Configuration - iOS/Swift

1
2
3
4
5
6
7
let credentialsProvider = AWSCognitoCredentialsProvider
(regionType: "AWSRegionType.usEast1", identityPoolId: CognitoIdentityId)

// Lex currently only in us-east-1
let configuration = AWSServiceConfiguration(region: .usEast1, credentialsProvider: credentialsProvider)

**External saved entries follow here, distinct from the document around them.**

(* From 2x + 2y + xy + 1 = 0 and y^2 + y + 1 = 0 with |y| = 1 follows x = y^2:
   the difference factors as (x - y^2)(2 + y) and 2 + y cannot vanish. *)
Lemma square_of_relation (x y : C) : `|y| = 1 ->
  2 * x + 2 * y + x * y + 1 = 0 -> y ^+ 2 + y + 1 = 0 -> x = y ^+ 2.
Proof.
move=> y1 exy ey.
have : (x - y ^+ 2) * (2 + y) = 0.
  have -> : (x - y ^+ 2) * (2 + y) =
    (2 * x + 2 * y + x * y + 1) - (y + 1) * (y ^+ 2 + y + 1) by ring.
  by rewrite exy ey mulr0 subr0.
by move/eqP; rewrite mulf_eq0 (negPf (two_plus_neq0 y1)) orbF subr_eq0 => /eqP.
Qed.

(* The orthogonality relations (nf_row_orth) among four normal-form rows with
   the patterns ff, ft, tf, tt force their j1-entries to be b^2, b, b, b^2
   for a primitive cube root of unity b. *)
Lemma four_patterns_values (aff aft atf att : C) :
  `|aff| = 1 -> `|aft| = 1 ->
  (aff + aft) + (aff + aft) + (aff * aft + 1) = 0 ->
  (aff + atf) + (aff * atf + 1) + (aff + atf) = 0 ->
  (aft + atf) + (aft * atf + 1) + (aft * atf + 1) = 0 ->
  (aft + att) + (aft * att + 1) + (aft + att) = 0 ->
  [/\ aft = w \/ aft = w ^+ 2, atf = aft, aff = aft ^+ 2 & att = aft ^+ 2].
Proof.
move=> aff1 aft1 e_ff_ft e_ff_tf e_ft_tf e_ft_tt.
have e_tf : atf = aft.
  have : (aft - atf) * (2 + aff) = 0.
    by rewrite -(subrr 0) -{1}e_ff_ft -e_ff_tf; ring.
  by move/eqP; rewrite mulf_eq0 (negPf (two_plus_neq0 aff1)) orbF subr_eq0 => /eqP.
have e_b : aft ^+ 2 + aft + 1 = 0.
  have two0 : (2 : C) != 0 by rewrite pnatr_eq0.
  by apply: (mulfI two0); rewrite mulr0 -[RHS]e_ft_tf e_tf; ring.
split=> //; first exact: omega_quadratic_roots.
- by apply: square_of_relation aft1 _ e_b; rewrite -e_ff_ft; ring.
- by apply: square_of_relation aft1 _ e_b; rewrite -e_ft_tt; ring.
Qed.

(* The 6 x 6 table formed by the all-ones row, the row of cube roots and the
   four normal-form rows with b = ω^e. *)
Definition cube_row (j : 'I_6) : C := nth 0 [:: 1; 1; w; w; w ^+ 2; w ^+ 2] j.

Definition nf_table (e : nat) (i j : 'I_6) : C :=
  nth (fun=> 0) [:: fun=> 1; cube_row;
    nf_row (w ^+ (2 * e)) (false, false); nf_row (w ^+ e) (false, true);
    nf_row (w ^+ e) (true, false); nf_row (w ^+ (2 * e)) (true, true)] i j.

Lemma omega_expE (n1 n2 : nat) : (n1 %% 3 = n2 %% 3)%N -> w ^+ n1 = w ^+ n2.
Proof. by move=> e; rewrite omega_modE e -omega_modE. Qed.

Local Notation ord6 n := (@Ordinal 6 n isT).

(* Both tables (e = 1, 2) become S_6^(0) after a column permutation and, for
   e = 1, a rescaling of the rows by powers of ω; the 36 entries are then
   compared as powers of ω, with exponents taken modulo 3. *)
Lemma nf_table_equiv_S6 (H : 'M[C]_6) (rho pi : 'S_6) (e : nat) :
  e = 1%N \/ e = 2%N -> (forall i j, H (rho i) (pi j) = nf_table e i j) ->
  hadamard_equiv H (S6_0 C).
Proof.
move=> [] -> table.
- have [tau tauE] := @perm_of_list 5 [:: ord6 1; ord6 0; ord6 3; ord6 4; ord6 5; ord6 2] isT erefl.
  have -> : S6_0 C = mtrans H rho (tau * pi)%g
      (fun i => w ^+ nth 0%N [:: 0; 0; 1; 2; 2; 1]%N i) (fun=> 1).
    apply/matrixP => i j; rewrite !mxE permM tauE table.
    case: i => [[|[|[|[|[|[|//]]]]]] ?]; case: j => [[|[|[|[|[|[|//]]]]]] ?];
      rewrite /nf_table /nf_row /cube_row /=;
      by rewrite ?mulr1 ?mul1r -?(expr0 w) -[w]expr1 -?exprM -?exprD; apply: omega_expE.
  by apply: equiv_mtrans => i; rewrite ?norm_omegaX ?normr1.
- have [tau tauE] := @perm_of_list 5 [:: ord6 0; ord6 1; ord6 2; ord6 5; ord6 4; ord6 3] isT erefl.
  have -> : S6_0 C = mtrans H rho (tau * pi)%g (fun=> 1) (fun=> 1).
    apply/matrixP => i j; rewrite !mxE permM tauE table.
    case: i => [[|[|[|[|[|[|//]]]]]] ?]; case: j => [[|[|[|[|[|[|//]]]]]] ?];
      rewrite /nf_table /nf_row /cube_row /=;
      by rewrite ?mulr1 ?mul1r -?(expr0 w) -[w]expr1 -?exprM -?exprD; apply: omega_expE.
  by apply: equiv_mtrans => i; rewrite normr1.
Qed.

End FourPatterns.

Section RowOfCubeRoots.
Variables (C : numClosedFieldType) (H : 'M[C]_6).
Local Notation w := (omega C).
Hypotheses (H_had : complex_hadamard H) (H_deph : dephased H).

(* Row r <> 0 reads (1, 1, ω, ω, ω^2, ω^2) along the column order cols, and
   no row has the entry -1 in column j1 (that case leads directly to K_6^(3)). *)
Variables (r j1 k k' m m' : 'I_6).
Local Notation cols := [:: ord0; j1; k; k'; m; m'].
Hypothesis cols_uniq : uniq cols.
Hypotheses (Hr_j1 : H r j1 = 1) (Hr_k : H r k = w) (Hr_k' : H r k' = w).
Hypotheses (Hr_m : H r m = w ^+ 2) (Hr_m' : H r m' = w ^+ 2).
Hypothesis r_neq0 : r != ord0.
Hypothesis no_minus_one : forall x, x != ord0 -> H x j1 != -1.

Lemma H_norm i j : `|H i j| = 1. Proof. by case: H_had. Qed.
Lemma H_row0 j : H ord0 j = 1. Proof. by case: (H_deph j). Qed.
Lemma H_col0 i : H i ord0 = 1. Proof. by case: (H_deph i). Qed.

AWSServiceManager.default().defaultServiceConfiguration = configuration

The above code sets up our application to talk to our AWS account(the CognitoIdenityId is specific to an AWS account).  Once authentication and region configuration is complete, the app can integrate text or voice bot services.

1
2
3
4
5
6
7
//Name the bot to connect with and the version of the chat bot.  
//As a chat bot is updated and changed, a version history is kept.  
//$LATEST will tell the app to always use the most recent bot.
let chatConfig = AWSLexInteractionKitConfig.defaultInteractionKitConfig(withBotName: "PizzaBot", botAlias: "$LATEST")
AWSLexInteractionKit.register(with: configuration!, interactionKitConfiguration: chatConfig, forKey: "AWSLexVoiceButton")
chatConfig.autoPlayback = false
AWSLexInteractionKit.register(with: configuration!, interactionKitConfiguration: chatConfig, forKey: "chatConfig")

Invoking the Bot with Voice or Text

There is actually very little work to do for the app itself.  Simply invoke the bot with either text or voice and handle the output parameters when the user is done.

Voice Chat Button - View Controller

Use AWSLexVoiceButton and the corresponding AWSLexVoiceButtonDelegate for output callbacks

 1
 2
 3
 4
 5
 6
 7
 8
 9
10
11
12
13
14
15
16
17
18
19
20
21
22
class VoiceChatViewController: UIViewController, AWSLexVoiceButtonDelegate {

    @IBOutlet weak var voiceButton: AWSLexVoiceButton!
    @IBOutlet weak var output: UILabel!

    override func viewDidLoad() {
        super.viewDidLoad()
        self.voiceButton.delegate = self
    }

    func voiceButton(_ button: AWSLexVoiceButton, on response: AWSLexVoiceButtonResponse) {
        DispatchQueue.main.async(execute: {
            print("output \(response.outputText)")
            self.output.text = response.outputText
        })
    }

    public func voiceButton(_ button: AWSLexVoiceButton, onError error: Error) {
        print("error \(error)")
    }

}

The above code simply links a button from the storyboard and provides success/error callbacks with the bot’s response.

Text Chat

A text view controller works similar to a voice view controller.  To send text to a bot, use AWSLexInteractionKit. It has several methods on it to accept text input and respond with text output or even audio output.  This class will also help store state, such as the current slots filled by the user’s input and the intent being invoked.

Conclusion

While Amazon Lex is still in BETA, it is becoming increasingly easy to create chat bots within a mobile application.  This can be one more way for an app or product to reach consumers in a meaningful way.